Harry climbed just a little as the Huey approached the Presidio, then he kicked the rudder over and came down in a reverse flare, landing in the middle of the H and killing the engine in one smooth motion.

“Jesus, Harry, what’s gotten into you this morning?” the doc asked after he’d climbed out of his harness.

“I don’t know, Doc. Just wanted to see what this thing could really do, I guess.”

“Yeah? Well, better check those skids for fish guts…”

Harry went around and helped Frank down, then he looked around the parking lot. “Anyone know where my car is?”

“Inside hanger three,” Frank said quietly. “I have chemo at 11:30. Could you run me over there?”

“Of course.
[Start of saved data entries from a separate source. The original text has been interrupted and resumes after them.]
(* Let $H(u)=\sum_{n\ge0}\mathbf h_nu^n$, and for $k\ge0$ let $\prod^{\leftarrow}_{0\le j\le k}H(q^j)=H(q^k)H(q^{k-1})\cdots H(q^0)$. Then, as an identity with coefficients in $\mathbb Q[[q,t]]$, \[ \sum_{k\ge0}t^k\,H(q^k)H(q^{k-1})\cdots H(1)=\sum_{n\ge0}\frac{\sum_{L\vDash n}t^{\mathrm{des}(L)}q^{\mathrm{maj}(L)}\mathbf r_L}{(1-t)(1-tq)\cdots(1-tq^n)}, \] where for a nonempty composition $L=(L_1,\dots,L_k)$, $\mathrm{des}(L)=k-1$ and $\mathrm{maj}(L)=(k-1)L_1+(k-2)L_2+\cdots+L_{k-1}$, and for the empty composition $\mathrm{des}=\mathrm{maj}=0$ and $\mathbf r_\emptyset=1$.
   Context: Work in formal power series in noncommuting variables $X_1,X_2,\dots$ with coefficients in $\mathbb Q[[q,t]]$ ($q,t$ commuting indeterminates commuting with the $X_i$). $\mathbf h_n=\sum_{i_1\le\cdots\le i_n}X_{i_1}\cdots X_{i_n}$, $\mathbf h_0=1$. $L\vDash n$ means $L$ is a composition of $n$. For $L=(L_1,\dots,L_k)\vDash n$, $\mathbf r_L=\sum X_{i_1}\cdots X_{i_n}$ over $(i_1,\dots,i_n)$ with $i_1\le\cdots\le i_{L_1}>i_{L_1+1}\le\cdots\le i_{L_1+L_2}>\cdots>i_{L_1+\cdots+L_{k-1}+1}\le\cdots\le i_n$. *)

From HB Require Import structures.
From mathcomp Require Import all_boot all_order all_algebra.
Set Implicit Arguments. Unset Strict Implicit. Unset Printing Implicit Defensive.
Import Order.TTheory GRing.Theory Num.Theory.
Local Open Scope ring_scope.

(* f a b = coefficient of q^a t^b in f. *)
Definition ps := nat -> nat -> rat.

Definition psmul (f g : ps) : ps := fun a b =>
  \sum_(i < a.+1) \sum_(j < b.+1) f i j * g (a - i)%N (b - j)%N.

Definition ps1 : ps := fun a b => if (a == 0%N) && (b == 0%N) then 1 else 0.

Definition mono (a0 b0 : nat) : ps := fun a b =>
  if (a == a0) && (b == b0) then 1 else 0.

(* 1/(1 - t q^j), expanded as the geometric series sum_m (t q^j)^m *)
Definition geom (j : nat) : ps := fun a b => if a == (j * b)%N then 1 else 0.

Definition denom_inv (n : nat) : ps := foldr psmul ps1 [seq geom j | j <- iota 0 n.+1].

(* A word X_{i_1}...X_{i_m} is the sequence [:: i_1; ...; i_m] (letters i >= 1);
   F w is the coefficient (in Q[[q,t]]) of the word w in F. *)
Definition ncs := seq nat -> ps.

Definition ncmul (F G : ncs) : ncs := fun w a b =>
  \sum_(i < (size w).+1) psmul (F (take i w)) (G (drop i w)) a b.

Definition ncscale (c : ps) (F : ncs) : ncs := fun w => psmul c (F w).

Definition sums_to (F : nat -> ncs) (S : ncs) : Prop :=
  forall w a b, exists N, forall M, (N <= M)%N ->
    \sum_(n < M) F n w a b = S w a b.

Definition letters_pos (w : seq nat) : bool := all (fun i => 0 < i)%N w.

(* h_n = sum_{i_1 <= ... <= i_n} X_{i_1} ... X_{i_n} *)
Definition hser (n : nat) : ncs := fun w =>
  if [&& size w == n, sorted leq w & letters_pos w] then ps1 else (fun _ _ => 0).

Definition Hterm (k n : nat) : ncs := ncscale (mono (k * n) 0) (hser n).

Fixpoint prodH (Hs : nat -> ncs) (k : nat) : ncs :=
  match k with
  | 0 => Hs 0%N
  | k'.+1 => ncmul (Hs k) (prodH Hs k')
  end.

Definition LHSterm (Hs : nat -> ncs) (k : nat) : ncs := ncscale (mono 0 k) (prodH Hs k).

Fixpoint comps_aux (fuel n : nat) : seq (seq nat) :=
  match fuel with
  | 0 => if n == 0%N then [:: [::]] else [::]
  | fuel'.+1 =>
      if n == 0%N then [:: [::]]
      else flatten [seq [seq i :: c | c <- comps_aux fuel' (n - i)] | i <- iota 1 n]
  end.

(* all compositions L of n (each exactly once), L = (L_1,...,L_k), L_i >= 1 *)
Definition comps (n : nat) : seq (seq nat) := comps_aux n n.

Definition des (L : seq nat) : nat := (size L).-1.

Definition maj (L : seq nat) : nat :=
  \sum_(j < (size L).-1) (((size L).-1 - j) * nth 0 L j)%N.

Definition bounds (L : seq nat) : seq nat :=
  [seq sumn (take j L) | j <- iota 1 (size L).-1].

(* w occurs (with coefficient 1) in r_L: i_1<=...<=i_{L_1} > i_{L_1+1} <= ... *)
Definition ribbon_ok (L : seq nat) (w : seq nat) : bool :=
  [&& size w == sumn L, letters_pos w &
   all (fun p => if p.+1 \in bounds L
                 then (nth 0 w p.+1 < nth 0 w p)%N
                 else (nth 0 w p <= nth 0 w p.+1)%N)
       (iota 0 (size w).-1)].

Definition rser (L : seq nat) : ncs := fun w =>
  if ribbon_ok L w then ps1 else (fun _ _ => 0).

Definition numer (n : nat) : ncs := fun w a b =>
  \sum_(L <- comps n) psmul (mono (maj L) (des L)) (rser L w) a b.

Definition RHSterm (n : nat) : ncs := ncscale (denom_inv n) (numer n).

(* Both sides are series S_w(q,t) indexed by words w, and both satisfy
     S_[] = 1/(1-t),   S_{x w} = [x >= 1] (tq)^{[x > w_1]} S_w(q, tq) / (1 - t),
   which determines them.  On the right, r_L contains w exactly when L is the descent
   composition of w; prepending x adds a descent iff x > w_1 and raises maj by des + [x > w_1],
   while the denominator satisfies D_{n+1}(q,t) = D_n(q,tq) / (1 - t).  On the left, in the
   coefficient of t^k either the factor H(q^k) reads nothing (the factor 1/(1-t)), or it reads a
   weakly increasing prefix x u of weight q^{k(1+|u|)}; deleting x either leaves the prefix u to
   H(q^k) (no descent at x) or forces u empty and passes to t^{k-1}. *)

From HB Require Import structures.
From mathcomp Require Import all_boot all_order all_algebra.
From mathcomp Require Import zify.
From Stdlib Require Import FunctionalExtensionality.
Set Implicit Arguments. Unset Strict Implicit. Unset Printing Implicit Defensive.
Import Order.TTheory GRing.Theory Num.Theory.
Local Open Scope ring_scope.

(** * The coefficient ring Q[[q,t]] *)

Lemma sum_ord_at n k (G : 'I_n -> rat) (hk : (k < n)%N) :
  (forall i : 'I_n, (i : nat) != k -> G i = 0) -> \sum_i G i = G (Ordinal hk).
Proof. by move=> G0; rewrite (bigD1 (Ordinal hk)) //= big1 ?addr0 // => i /G0. Qed.

Lemma sum_ord_out n k (G : 'I_n -> rat) : (n <= k)%N ->
  (forall i : 'I_n, (i : nat) != k -> G i = 0) -> \sum_i G i = 0.
Proof.
move=> nk G0; rewrite big1 // => i _; apply: G0.
by rewrite neq_ltn (leq_trans (ltn_ord i) nk).
Qed.

Definition ps0 : ps := fun _ _ => 0.

(* The ring laws of Q[[q,t]] are inherited from Q[q][t] by truncating in both degrees. *)
Definition bipoly := {poly {poly rat}}.

Definition ps_agree (N : nat) (f : ps) (p : bipoly) :=
  forall i j, (i < N)%N -> (j < N)%N -> f i j = (p`_j)`_i.

Definition ps_trunc (N : nat) (f : ps) : bipoly := \poly_(j < N) \poly_(i < N) f i j.

Lemma ps_truncP N f : ps_agree N f (ps_trunc N f).
Proof. by move=> i j ltiN ltjN; rewrite coef_poly ltjN coef_poly ltiN. Qed.

Lemma ps_agree_eq (f g : ps) (P : nat -> bipoly) :
  (forall N, ps_agree N f (P N)) -> (forall N, ps_agree N g (P N)) -> f = g.
Proof.
move=> fP gP; apply: functional_extensionality => a.
apply: functional_extensionality => b.
have ltaN : (a < (maxn a b).+1)%N by rewrite ltnS leq_maxl.
have ltbN : (b < (maxn a b).+1)%N by rewrite ltnS leq_maxr.
by rewrite (fP (maxn a b).+1) // (gP (maxn a b).+1).
Qed.

Lemma bipoly_coefM (p r : bipoly) a b :
  ((p * r)`_b)`_a = \sum_(i < a.+1) \sum_(j < b.+1) (p`_j)`_i * (r`_(b - j))`_(a - i).
Proof.
rewrite coefM coef_sum exchange_big /=; apply: eq_bigr => j _.
by rewrite coefM.
Qed.

Lemma ps_agreeM N f g p r :
  ps_agree N f p -> ps_agree N g r -> ps_agree N (psmul f g) (p * r).
Proof.
move=> fp gr i j ltiN ltjN; rewrite bipoly_coefM; apply: eq_bigr => i' _.
apply: eq_bigr => j' _.
have lti'N : (i' < N)%N by apply: leq_ltn_trans ltiN; rewrite -ltnS.
have ltj'N : (j' < N)%N by apply: leq_ltn_trans ltjN; rewrite -ltnS.
by rewrite fp ?gr // (leq_ltn_trans (leq_subr _ _)).
Qed.

Lemma psmulA f g h : psmul (psmul f g) h = psmul f (psmul g h).
Proof.
apply: (@ps_agree_eq _ _ (fun N => ps_trunc N f * ps_trunc N g * ps_trunc N h)) => N.
  by apply: ps_agreeM; first apply: ps_agreeM; apply: ps_truncP.
by rewrite -mulrA; apply: ps_agreeM; last apply: ps_agreeM; apply: ps_truncP.
Qed.

Lemma psmulC f g : psmul f g = psmul g f.
Proof.
apply: (@ps_agree_eq _ _ (fun N => ps_trunc N f * ps_trunc N g)) => N.
  by apply: ps_agreeM; apply: ps_truncP.
by rewrite mulrC; apply: ps_agreeM; apply: ps_truncP.
Qed.

Lemma psmul_monoE p d X a b : psmul (mono p d) X a b =
  if (p <= a)%N && (d <= b)%N then X (a - p)%N (b - d)%N else 0.
Proof.
rewrite /psmul /mono; case: (leqP p a) => [lepa|ltap] /=; last first.
  by apply: sum_ord_out ltap _ => i /negbTE ip; rewrite big1 // => j _; rewrite ip mul0r.
rewrite (@sum_ord_at _ p) /= ?eqxx; last first.
  by move=> i /negbTE ip; rewrite big1 // => j _; rewrite ip mul0r.
case: (leqP d b) => [ledb|ltbd].
  by rewrite (@sum_ord_at _ d) /= ?eqxx ?mul1r // => j /negbTE ->; rewrite mul0r.
by apply: sum_ord_out ltbd _ => j /negbTE ->; rewrite mul0r.
Qed.

Lemma psmulr0 f : psmul f ps0 = ps0.
Proof.
apply: functional_extensionality => a; apply: functional_extensionality => b.
by rewrite /psmul big1 // => i _; rewrite big1 // => j _; rewrite mulr0.
Qed.

Lemma psmulr1 f : psmul f ps1 = f.
Proof.
apply: functional_extensionality => a; apply: functional_extensionality => b.
by rewrite psmulC (_ : ps1 = mono 0 0) // psmul_monoE !subn0.
Qed.

(* [tq_subst f] is the series f(q, tq). *)
Definition tq_subst (f : ps) : ps := fun a b => if (b <= a)%N then f (a - b)%N b else 0.

Definition tq_bipoly (p : bipoly) : bipoly := \poly_(j < size p) (p`_j * 'X^j).

Lemma coef_tq_bipoly p j : (tq_bipoly p)`_j = p`_j * 'X^j.
Proof.
by rewrite coef_poly; case: ltnP => // le_p_j; rewrite nth_default // mul0r.
Qed.

Lemma tq_bipolyM p r : tq_bipoly (p * r) = tq_bipoly p * tq_bipoly r.
Proof.
apply/polyP => b; rewrite coef_tq_bipoly !coefM big_distrl /=.
apply: eq_bigr => j _; rewrite !coef_tq_bipoly mulrACA -exprD subnKC //.
by rewrite -ltnS.
Qed.

Lemma ps_agree_tq N f p : ps_agree N f p -> ps_agree N (tq_subst f) (tq_bipoly p).
Proof.
move=> fp i j ltiN ltjN; rewrite /tq_subst coef_tq_bipoly coefMXn.
by case: leqP => // _; rewrite fp // (leq_ltn_trans (leq_subr _ _)).
Qed.

Lemma tq_substM f g : tq_subst (psmul f g) = psmul (tq_subst f) (tq_subst g).
Proof.
apply: (@ps_agree_eq _ _ (fun N => tq_bipoly (ps_trunc N f * ps_trunc N g))) => N.
  by apply/ps_agree_tq/ps_agreeM; apply: ps_truncP.
by rewrite tq_bipolyM; apply: ps_agreeM; apply/ps_agree_tq/ps_truncP.
Qed.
Where’s there, by the way?”

“Stanford.”

Harry nodded as he started for the hanger.

“Where are you going?” DD asked.

“Over to Rosenthal. I’ll be back in an hour or so.”

“But…”

“I’ll be back, okay?”

She knew better than to argue with him, and she looked on as Frank followed Harry to the hanger – utterly amazed how tight the bond was between them.

“What is it with those two,” the doc asked. “They’re like brothers, ya know?”

“That’s exactly what they are, only they bleed blue,” Pattison said as he came out of the Cathouse. “By the way. He called in last night and told the dispatcher to take him off the flight rotation schedule. And get this…that he won’t be flying again.”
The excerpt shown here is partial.